Everyone who had a vanity-related near-death experience this morning, raise your hand.*
This morning as I was rinsing the brown hair dye out of my totally naturally brown hair, I realized that I had a nose bleed and would probably end up with a Darwin Award for not getting out of the shower because I wasn't finished with my attempts at not looking my age.
I have never tried to slit my wrists, but I know that if you do, you're supposed to be in warm water to keep the blood moving quickly and efficiently out of your system. I think a shower would be good for that.
When you discover you are probably bleeding to death, you have decisions to make. Here is a flow chart:
Do I rinse these toxic chemicals out of my hair?
If yes, continue
If no, you now have chemicals in your eyes and hair dye all over the bathroom. Get back in the shower you stupid ninny.
Now that the chemicals are out of my hair, do I continue with the conditioner or deal with the fact that I'm seeing stars?
If yes to conditioner, continue
If yes to stars, good luck getting a comb through your hair ever again.
Do I leave the conditioner in for the whole two minutes?

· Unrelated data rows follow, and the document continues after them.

Lemma sqnormD x y : sqnorm (x + y) = sqnorm x + sqnorm y + 2 * rip x y.
Proof. rewrite /sqnorm /rip ipDl !ipDr !ReD -/(rip y x) ripC /rip; lra. Qed.

Lemma sqnormN x : sqnorm (- x) = sqnorm x.
Proof. by rewrite /sqnorm ripNr ripC ripNr opprK. Qed.

Lemma sqnormB x y : sqnorm (x - y) = sqnorm x + sqnorm y - 2 * rip x y.
Proof. by rewrite sqnormD sqnormN ripNr mulrN. Qed.

Lemma sqnormZ k x : sqnorm (k%:C%C *: x) = k ^+ 2 * sqnorm x.
Proof. by rewrite /sqnorm ripZr ripC ripZr mulrA -expr2. Qed.

Lemma parallelogram x y : sqnorm (x + y) + sqnorm (x - y) = 2 * sqnorm x + 2 * sqnorm y.
Proof. rewrite sqnormD sqnormB; lra. Qed.

Lemma rip_ler_sqnorm t x y : 0 < t -> 2 * rip x y <= t * sqnorm x + t^-1 * sqnorm y.
Proof.
move=> t0; have := sqnorm_ge0 (t%:C%C *: x - y).
rewrite sqnormB sqnormZ ripZl expr2 => h.
rewrite -(ler_pM2l t0) mulrDr !mulrA mulfV ?gt_eqF // mul1r; lra.
Qed.

Lemma sqnormD_le t x y : 0 < t ->
  sqnorm (x + y) <= (1 + t) * sqnorm x + (1 + t^-1) * sqnorm y.
Proof. by move=> t0; rewrite sqnormD !mulrDl !mul1r; have := rip_ler_sqnorm x y t0; lra. Qed.

Lemma ipnorm_lt_sqrt x e : 0 < e -> (ipnorm ip x < Num.sqrt e) = (sqnorm x < e).
Proof. exact: ltr_sqrt. Qed.

Lemma ip_cvgP u l : ip_cvg ip u l <->
  (forall e : R, 0 < e -> exists N, forall n, (N <= n)%N -> sqnorm (u n - l) < e).
Proof.
split=> h e e0.
  have /h[N hN] : 0 < Num.sqrt e by rewrite sqrtr_gt0.
  by exists N => n /hN; rewrite ipnorm_lt_sqrt.
have [N hN] := h (e ^+ 2) (exprn_gt0 2 e0); exists N => n /hN.
by rewrite -ipnorm_lt_sqrt ?exprn_gt0 // sqrtr_sqr gtr0_norm.
Qed.

Lemma ip_cauchyP u : ip_cauchy ip u <->
  (forall e : R, 0 < e -> exists N, forall m n, (N <= m)%N -> (N <= n)%N -> sqnorm (u m - u n) < e).
Proof.
split=> h e e0.
  have /h[N hN] : 0 < Num.sqrt e by rewrite sqrtr_gt0.
  by exists N => m n hm hn; rewrite -ipnorm_lt_sqrt // hN.
have [N hN] := h (e ^+ 2) (exprn_gt0 2 e0); exists N => m n hm hn.
by rewrite -[e]gtr0_norm // -sqrtr_sqr ipnorm_lt_sqrt ?exprn_gt0 // hN.
Qed.

End InnerProduct.

Lemma exists_inv_succ_lt (R : realType) (e : R) : 0 < e -> exists K : nat, K.+1%:R^-1 < e.
Proof. by move=> /ltr_add_invr[K]; rewrite add0r; exists K. Qed.

Lemma ler_inv_succ (R : realType) (K m : nat) : (K <= m)%N -> m.+1%:R^-1 <= K.+1%:R^-1 :> R.
Proof. by move=> h; rewrite lef_pV2 ?posrE ?ltr0Sn // ler_nat ltnS. Qed.

Lemma le0_of_forall_lerM (R : realFieldType) (c q : R) :
  (forall s, 0 < s -> c <= s * q) -> c <= 0.
Proof.
move=> h; rewrite leNgt; apply/negP => c0.
have q1 : 0 < `|q| + 1 by rewrite ltr_wpDl.
have s0 : 0 < c / (`|q| + 1) by rewrite divr_gt0.
have := h _ s0; rewrite mulrAC ler_pdivlMr //.
have := ler_norm q; nra.
Qed.

Section Projection.
Variables (R : realType) (V : lmodType R[i]) (ip : V -> V -> R[i]).
Hypothesis hip : is_inner ip.
Variable M : V -> Prop.
Hypotheses (M0 : M 0) (MZD : forall a x y, M x -> M y -> M (a *: x + y)).
Hypothesis M_complete : forall u : nat -> V,
  (forall n, M (u n)) -> ip_cauchy ip u -> exists2 l, M l & ip_cvg ip u l.
Variable w : V.

Local Notation sqnorm := (sqnorm ip).

Let MZ a x : M x -> M (a *: x).
Proof. by move=> Mx; rewrite -[_ *: _]addr0; apply: MZD. Qed.

Let MD x y : M x -> M y -> M (x + y).
Proof. by move=> Mx My; rewrite -[x]scale1r; apply: MZD. Qed.

Let dists : classical_sets.set R := fun r => exists2 x, M x & r = sqnorm (w - x).
Let dist2 := inf dists.

Let dists_lbound : classical_sets.has_lbound dists.
Proof. by exists 0 => _ [x _ ->]; exact: sqnorm_ge0. Qed.

Let dists_nonempty : classical_sets.nonempty dists.
Proof. by exists (sqnorm (w - 0)), 0. Qed.

Lemma dist2_le x : M x -> dist2 <= sqnorm (w - x).
Proof. by move=> Mx; apply: (ge_inf dists_lbound); exists x. Qed.

Lemma dist2_ge0 : 0 <= dist2.
Proof. by apply: lb_le_inf dists_nonempty _ => _ [x _ ->]; exact: sqnorm_ge0. Qed.

Lemma dist2_approx e : 0 < e -> exists2 x, M x & sqnorm (w - x) < dist2 + e.
Proof.
by move=> e0; have [_ [x Mx ->] lt_e] := inf_adherent e0 (conj dists_nonempty dists_lbound); exists x.
Qed.

(* Parallelogram law for [w - x] and [w - y]: their mean is [w - m] with [m] in [M],
   so its squared norm is at least [dist2]. *)
Lemma sqnormB_near_min x y a b : M x -> M y ->
  sqnorm (w - x) <= dist2 + a -> sqnorm (w - y) <= dist2 + b -> sqnorm (x - y) <= 2 * a + 2 * b.
Proof.
move=> Mx My hx hy; pose m := (2^-1 : R)%:C%C *: (x + y).
have hm : dist2 <= sqnorm (w - m) by apply/dist2_le/MZ/MD.
have := parallelogram hip (w - y) (w - x).
have -> : (w - y) + (w - x) = (2 : R)%:C%C *: (w - m).
  rewrite /m scalerBr scalerA -rmorphM mulfV ?pnatr_eq0 // scale1r.
  by rewrite rmorph_nat scaler_nat mulr2n opprD addrACA [- y - x]addrC.
have -> : (w - y) - (w - x) = x - y by rewrite opprB addrC subrKA.
by rewrite (sqnormZ hip) => h; lra.
Qed.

If yes, you have a longer attention span than I do and are good at following directions. You may also be dead, but whatever.
I did call Chris for help at one point, but only because I couldn't get the packet of conditioner open and needed him to bring me scissors. I could have gotten the scissors myself, but then I would have bled all over the bathroom.

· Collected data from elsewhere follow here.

Lemma ancestor_height_le A B m : ancestor E A B -> height_is E B m ->
  exists k, height_is E A k /\ k <= m.
Proof.
  intros (l & [_ Hl] & HA & HB) Hm. apply terminal_nthP in HB.
  exact (chain_height_le Hl (Nat.le_0_l _) HA HB Hm).
Qed.

Lemma isotypic_height A B m : isotypic E A B -> height_is E B m -> height_is E A m.
Proof.
  intros [HAB HBA] HBm.
  destruct (ancestor_height_le HAB HBm) as [k [HAk Hkm]].
  destruct (ancestor_height_le HBA HAk) as [m' [HBm' Hm'k]].
  pose proof (height_unique HBm HBm').
  replace m with k by lia. exact HAk.
Qed.

Lemma minimal_full_evolution_graded X l i a : full_evolution E X l ->
  height_is E X (evlength l) -> nth_error l i = Some a -> height_is E a i.
Proof.
  intros HXl HX Ha.
  pose proof HXl as [[_ Hl] [_ HXt]]. apply terminal_nthP in HXt.
  destruct (chain_height_le Hl (nth_error_le_evlength Ha) Ha HXt HX) as [k [Hak _]].
  assert (Hki : k <= i).
  { destruct (full_evolution_prefix HXl Ha) as (s & Hs & <-). exact (proj2 Hak s Hs). }
  pose proof Hak as [[M [HM HMk]] _].
  destruct (full_evolution_splice HXl Ha HM) as [HL HLlen].
  pose proof (proj2 HX _ HL). pose proof (nth_error_le_evlength Ha).
  replace i with k by lia. exact Hak.
Qed.

Lemma minimal_full_evolution_critical X l i c : full_evolution E X l ->
  height_is E X (evlength l) -> i < evlength l -> nth_error l i = Some c ->
  critical_ancestor E X c.
Proof.
  intros HXl HX Hi Hc.
  destruct (nth_error l (S i)) as [B|] eqn:HB.
  2: { apply nth_error_None in HB. unfold evlength in Hi. lia. }
  exists l. split; [exact HXl|]. exists i, B, i.
  split; [exact Hc|split; [exact HB|split]];
    eapply minimal_full_evolution_graded; eassumption.
Qed.

Lemma universal_evolution_evlength X U n : universal_evolution E X U ->
  height_is E X n -> evlength U = n.
Proof.
  intros [HU Huniv] [[l [Hl <-]] Hmin].
  apply Nat.le_antisymm; [exact (proj1 (Huniv l Hl))|exact (Hmin U HU)].
Qed.

Lemma splice_vertex_of_height X l k c B j M p w :
  full_evolution E X l -> nth_error l k = Some c -> nth_error l (S k) = Some B ->
  height_is E B (S j) -> full_evolution E c M -> evlength M = j -> height_is E c j ->
  nth_error (M ++ skipn (S k) l) p = Some w -> height_is E w j -> w = c.
Proof.
  intros HXl Hc HB HBj HM HMj Hcj Hw Hwj.
  pose proof HM as [[HMne _] [_ HMc]].
  destruct (Nat.le_gt_cases p j) as [Hp|Hp].
  - rewrite nth_error_app1 in Hw by (rewrite length_evlength by exact HMne; lia).
    assert (HcM : height_is E c (evlength M)) by (rewrite HMj; exact Hcj).
    pose proof (height_unique (minimal_full_evolution_graded HM HcM Hw) Hwj) as ->.
    apply terminal_nthP in HMc. rewrite HMj in HMc. congruence.
  - replace p with (evlength M + (p - j)) in Hw by lia.
    rewrite (nth_error_splice _ Hc HMc) in Hw.
    pose proof HXl as [[_ Hl] _].
    assert (Hle : S k <= k + (p - j)) by lia.
    destruct (chain_height_le Hl Hle HB Hw Hwj) as [m [HBm Hmj]].
    pose proof (height_unique HBj HBm). lia.
Qed.

Lemma critical_ancestor_isotypic_universal X U n c : universal_evolution E X U ->
  height_is E X n -> critical_ancestor E X c ->
  exists j u, j < n /\ nth_error U j = Some u /\ isotypic E c u.
Proof.
  intros HU HX (l & HXl & k & B & j & Hc & HB & Hcj & HBj).
  assert (Hjn : j < n).
  { pose proof HXl as [[_ Hl] [_ HXt]]. apply terminal_nthP in HXt.
    destruct (chain_height_le Hl (nth_error_le_evlength HB) HB HXt HX) as [m [HBm Hmn]].
    pose proof (height_unique HBj HBm). lia. }
  pose proof Hcj as [[M [HM HMj]] _].
  destruct (full_evolution_splice HXl Hc HM) as [HL _].
  pose proof (universal_evolution_evlength HU HX) as HUn.
  destruct HU as [HUfull Huniv].
  destruct (Huniv _ HL) as [_ [r [_ Hemb]]].
  destruct (nth_error U j) as [u|] eqn:Hu.
  2: { apply nth_error_None in Hu. rewrite length_evlength in Hu by apply HUfull. lia. }
  destruct (Hemb j u Hu) as [w [Hw Huw]].
  assert (Hwj : height_is E w j).
  { apply (isotypic_height (B := u)); [split; apply Huw|].
    apply (minimal_full_evolution_graded HUfull); [rewrite HUn|]; assumption. }
  rewrite (splice_vertex_of_height HXl Hc HB HBj HM HMj Hcj Hw Hwj) in Huw.
  exists j, u. split; [exact Hjn|split; [exact Hu|split; apply Huw]].
Qed.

He didn't hear me anyway - at which point I thought maybe I should get one of those necklaces my mother-in-law wears. You know, the I'm bleeding to death in the shower and can't get the conditioner open necklace.
Except then you have a bathroom full of paramedics who now know more about you than either of you would like.
This way, my secret will be safe to the grave.
*Please tell me all about it in the comments.